Climate finance should be at least USD 1 trillion: Environment Minister Bhupender Yadav
The current challenges being faced by developing countries required intensified multilateral cooperation, he said
Arguing that climate finance cannot continue at the levels decided in 2009, Union Minister Bhupendra Yadav has said that it should be "at least USD 1 trillion to meet with the goals of addressing climate change".
Speaking at the Ministerial meeting of the Like-Minded Developing Countries (LMDC) held on Tuesday on the sidelines of COP 26 in Glasgow, the Union Minister for Environment, Forest and Climate Change called upon them to work closely to protect the interests of developing countries.
This included the need to ensure a balanced outcome with equal treatment to all agenda items including finance, adaptation, market mechanisms, response measures, and decisions on delivery of transfer of environment friendly technologies, he said.
Yadav stressed that there should be a system to monitor climate finance as one had for monitoring mitigation.
Underlining the unity and strength of LMDC as fundamental in the UNFCCC negotiations to preserve the interest of the Global South in fight against climate change, Yadav highlighted that recognition of the current challenges being faced by developing countries required intensified multilateral cooperation, not intensified global economic and geopolitical competition and trade wars.
India was working on ambitious climate actions in line with sustainable development priorities, he noted.

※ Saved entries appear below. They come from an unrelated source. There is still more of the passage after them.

Lemma wHmod_N0 : wHmod n q (N0_Z k) (N0_X k).
Proof. by rewrite /wHmod mxpowE expr0n addn_eq0 andbF !mulmx0 scaler0. Qed.

Lemma wHmod_N1 : wHmod n q (N1_Z k) (N1_X k).
Proof.
change (@wHmod k n q (1 + 1) 0 (M_X k)).
rewrite /wHmod mxpowE expr0n addn_eq0 andbF mulmx0 mul0mx scaler0.
by rewrite M_X_block mulmx_block !mulmx0 !mul0mx !addr0 block_mx0.
Qed.

Lemma iso_S_inj (i j : 'I_(2 * n)) :
  mod_iso (S_Z q i) (S_X k) (S_Z q j) (S_X k) -> i = j.
Proof. by move/(mod_iso_scalar (ltn0Sn 0))/(prim_root_expr_inj hq). Qed.

Lemma iso_M_inj (i j : 'I_(2 * n)) :
  mod_iso (M_Z q i) (M_X k) (M_Z q j) (M_X k) -> i = j.
Proof.
move/mod_iso_ZX_scalar => /(_ _ _ (M_ZX i) (M_ZX j) M_X_neq0).
by rewrite !addn1 !exprS => /(mulfI q_neq0)/(prim_root_expr_inj hq).
Qed.

End ListedModules.

Section SmallModules.
Variables (k : fieldType) (n : nat) (q : k).

Lemma indecomposable_dim1 (Z X : 'M[k]_1) : wHmod n q Z X -> mod_indecomposable n q Z X.
Proof.
move=> hw; split=> // -[d1 [d2 [Z1 [X1 [Z2 [X2 [d1_gt0 d2_gt0 _ _ /mod_iso_dim]]]]]]].
by case: d1 d2 d1_gt0 d2_gt0 {Z1 X1 Z2 X2} => [|d1] [|d2] //= _ _; rewrite addnS.
Qed.

Lemma indecomposable_dim2 (Z X : 'M[k]_2) : wHmod n q Z X -> X != 0 ->
  mod_indecomposable n q Z X.
Proof.
move=> hw X_neq0; split=> // -[d1 [d2 [Z1 [X1 [Z2 [X2 [d1_gt0 d2_gt0 hw1 hw2 iso]]]]]]].
case: d1 d2 Z1 X1 Z2 X2 d1_gt0 d2_gt0 hw1 hw2 iso => [|[|d1]] [|[|d2]] //
  Z1 X1 Z2 X2 _ _ [_ _ XX1] [_ _ XX2] iso; move: (mod_iso_dim iso);
  rewrite ?addnS ?addSn // => _.
move: iso; rewrite (mx11_sqr_eq0 XX1) (mx11_sqr_eq0 XX2) block_mx0 => /mod_iso_X0 X0.
by rewrite X0 eqxx in X_neq0.
Qed.

End SmallModules.

Section Classification.
Variables (k : fieldType) (n : nat) (q : k) (d : nat) (Z X : 'M[k]_d).
Hypotheses (hq : (2 * n).-primitive_root q) (hZX : mod_indecomposable n q Z X).

Lemma indecomposable_Z_eq0_or_periodic : Z = 0 \/ Z ^+ (2 * n) = 1.
Proof.
case: hZX => hw _ hind; have [ZZ ZX _] := hw; rewrite mxpowE in ZZ.
move: ZZ (prim_order_gt0 hq) (prim_expr_order hq); case: (2 * n)%N => // m.
rewrite addn1 => ZZ _ qN.
have TT : Z ^+ m.+1 *m Z ^+ m.+1 = Z ^+ m.+1.
  by rewrite mulmxE -exprD addSn -addnS exprD ZZ -exprSr.
have TZ : Z *m Z ^+ m.+1 = Z ^+ m.+1 *m Z by rewrite mulmxE -exprS -exprSr.
have TX : X *m Z ^+ m.+1 = Z ^+ m.+1 *m X.
  by rewrite (exprmx_skew_commute _ ZX) qN scale1r.
case: (indecomposable_idempotent hw hind TT TZ TX) => [T0|]; last by right.
by left; rewrite -ZZ exprS -mulmxE T0 mulmx0.
Qed.

Lemma indecomposable_Z0 : Z = 0 ->
  mod_iso Z X (N0_Z k) (N0_X k) \/ mod_iso Z X (N1_Z k) (N1_X k).
Proof.
case: hZX => hw d_gt0 hind Z0; have [_ _ XX] := hw.
have Z0v (v : 'cV[k]_d) : Z *m v = 0 *: v by rewrite Z0 mul0mx scale0r.
have fZ0 (f : 'rV[k]_d) : f *m Z = 0 *: f by rewrite Z0 mulmx0 scale0r.
have scalar0 : (0%:M : 'M[k]_1) = 0 by apply/matrixP=> i j; rewrite !mxE mul0rn.
case: (eqVneq X 0) => [X0|X_neq0].
  left; have [v] := exists_mulmx_cV_neq0 (mx1_neq0 k d_gt0); rewrite mul1mx => v_neq0.
  have [f fv] := exists_dual_rV v_neq0.
  have := iso_scalar_of_eigvecs hw hind fv (Z0v v) (fZ0 f).
  by rewrite X0 mul0mx mulmx0 scalar0; apply.
right; have [v Xv_neq0] := exists_mulmx_cV_neq0 X_neq0.
have [h hXv] := exists_dual_rV Xv_neq0.
pose f := h - h *m v *m (h *m X).
have fv : f *m v = 0 by rewrite mulmxBl -!mulmxA hXv mulmx1 subrr.
have fXv : f *m (X *m v) = 1%:M.
  by rewrite mulmxBl -!mulmxA hXv [X *m (X *m v)]mulmxA XX mul0mx !mulmx0 subr0.
have := iso_string_of_eigvecs hw hind (q_neq0 hq) fv fXv (Z0v v).
by rewrite mulr0 fZ0 scalar0 block_mx0 -M_X_block; apply.
Qed.

Lemma indecomposable_Z_periodic : Z ^+ (2 * n) = 1 ->
  (exists i : 'I_(2 * n), mod_iso Z X (S_Z q i) (S_X k)) \/
  (exists i : 'I_(2 * n), mod_iso Z X (M_Z q i) (M_X k)).
Proof.
case: hZX => hw d_gt0 hind ZN.
case: (eqVneq X 0) => [X0|X_neq0].
  left; have [i [v [Zv v_neq0]]] := exists_eigvec hq ZN (mx1_neq0 k d_gt0).
  rewrite mul1mx in v_neq0.
  have [f [fZ fv]] := exists_left_eigvec hq ZN (qX_order hq i) Zv v_neq0.
  by exists i; apply: (iso_scalar_of_eigvecs hw hind fv Zv fZ); rewrite X0 ?mul0mx ?mulmx0.
right; have [i [v [Zv Xv_neq0]]] := exists_eigvec hq ZN X_neq0.
have ZXv := wHmod_raise_eigvec hw Zv.
have qqi_unity : (q * q ^+ i) ^+ (2 * n) = 1 by rewrite -exprS qX_order.
have [f [fZ fXv]] := exists_left_eigvec hq ZN qqi_unity ZXv Xv_neq0.
have fv : f *m v = 0.
  have : (q * q ^+ i - q ^+ i) *: (f *m v) = 0.
    by rewrite scalerBl scalemxAl -fZ -mulmxA Zv -scalemxAr subrr.
  move/eqP; rewrite scalemx_eq0 -{2}[q ^+ i]mul1r -mulrBl mulf_eq0 subr_eq0.
  by rewrite (negbTE (q_neq1 hq)) expf_eq0 (negbTE (q_neq0 hq)) andbF => /eqP.
exists i; rewrite M_Z_block M_X_block [(i + 1)%N]addn1 exprS.
exact (iso_string_of_eigvecs hw hind (q_neq0 hq) fv fXv Zv fZ).
Qed.

Lemma indecomposable_classification :
  [\/ exists i : 'I_(2 * n), mod_iso Z X (S_Z q i) (S_X k),
      exists i : 'I_(2 * n), mod_iso Z X (M_Z q i) (M_X k),
      mod_iso Z X (N0_Z k) (N0_X k)
    | mod_iso Z X (N1_Z k) (N1_X k)].
Proof.
case: indecomposable_Z_eq0_or_periodic => [/indecomposable_Z0|/indecomposable_Z_periodic].
  by case=> ?; [apply: Or43 | apply: Or44].
by case=> ?; [apply: Or41 | apply: Or42].
Qed.

End Classification.

Theorem proposition4p1 (k : closedFieldType) (hchar : [pchar k] =i pred0)
  (n : nat) (hn : (1 <= n)%N) (q : k) (hq : (2 * n).-primitive_root q)
  (a : k) (ha : a != 0) :
  (* each listed module is an indecomposable wH_{4n}-module *)
  [/\ (forall i : 'I_(2 * n), mod_indecomposable n q (S_Z q i) (S_X k)),
      (forall i : 'I_(2 * n), mod_indecomposable n q (M_Z q i) (M_X k)),
      mod_indecomposable n q (N0_Z k) (N0_X k)
    & mod_indecomposable n q (N1_Z k) (N1_X k)] /\
  (* pairwise non-isomorphic *)
  [/\ (forall i j : 'I_(2 * n), mod_iso (S_Z q i) (S_X k) (S_Z q j) (S_X k) -> i = j),
      (forall i j : 'I_(2 * n), mod_iso (M_Z q i) (M_X k) (M_Z q j) (M_X k) -> i = j)
    & (forall i j : 'I_(2 * n), ~ mod_iso (S_Z q i) (S_X k) (M_Z q j) (M_X k))] /\
  [/\
      (forall i : 'I_(2 * n), ~ mod_iso (S_Z q i) (S_X k) (N0_Z k) (N0_X k)),
      (forall i : 'I_(2 * n), ~ mod_iso (S_Z q i) (S_X k) (N1_Z k) (N1_X k)),
      (forall i : 'I_(2 * n), ~ mod_iso (M_Z q i) (M_X k) (N0_Z k) (N0_X k)),
      (forall i : 'I_(2 * n), ~ mod_iso (M_Z q i) (M_X k) (N1_Z k) (N1_X k))
    & ~ mod_iso (N0_Z k) (N0_X k) (N1_Z k) (N1_X k)] /\
  (* completeness *)
  (forall (d : nat) (Z X : 'M[k]_d), mod_indecomposable n q Z X ->
     [\/ exists i : 'I_(2 * n), mod_iso Z X (S_Z q i) (S_X k),
         exists i : 'I_(2 * n), mod_iso Z X (M_Z q i) (M_X k),
         mod_iso Z X (N0_Z k) (N0_X k)
       | mod_iso Z X (N1_Z k) (N1_X k)]).
Proof.
split; [|split; [|split]].
- split=> [i|i||].
  + exact/indecomposable_dim1/wHmod_S.
  + exact: indecomposable_dim2 (wHmod_M hq i) (M_X_neq0 k).
  + exact/indecomposable_dim1/wHmod_N0.
  + exact: indecomposable_dim2 (wHmod_N1 n q) (M_X_neq0 k).
- split=> [i j|i j|i j /mod_iso_dim //]; [exact: iso_S_inj | exact: iso_M_inj].
- split=> [i /mod_iso_Z0|i /mod_iso_dim|i /mod_iso_dim|i /mod_iso_Z0|/mod_iso_dim] //.
    exact: (elimN eqP (S_Z_neq0 hq i)).
  exact: (elimN eqP (M_Z_neq0 hq i)).
- by move=> d Z X; exact: indecomposable_classification.
Qed.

Yadav requested the LMDC members to join hands with India to support the global initiatives it has pioneered, including the International solar Alliance (ISA), Coalition for Disaster Resilient Infrastructure (CDRI) and the Leadership Group for Industry Transition (LeadIT).
The Union Minister also appreciated the efforts of the Third World Network (TWN) for its support to LMDC, and expressed the need to ensure resources to TWN.
According to the Union Ministry of Environment, Forests and Climate Change,
the countries collectively underscored that it needs to be ensured that the voices of the LMDC countries are heard loud and clear.
The points they emphasized on included:
* The outcomes of COP 26 must respect the fundamental principles of Convention, including equity and common but differentiated responsibilities and respective capabilities (CBDR-RC).
* The developed countries must provide means of implementation to developing countries in terms of climate finance, technology transfer and capacity building.
* They highlighted about the empty promises of the developed countries and inability to deliver the USD 100 billion per year by 2020.
* They also called upon the speedy finalization of the Paris Rulebook.
The meeting was presided by Bolivian President Luis Alberto Arce Catacora. The participating countries in the meeting included India, China, Cuba, Nicaragua and Venezuela.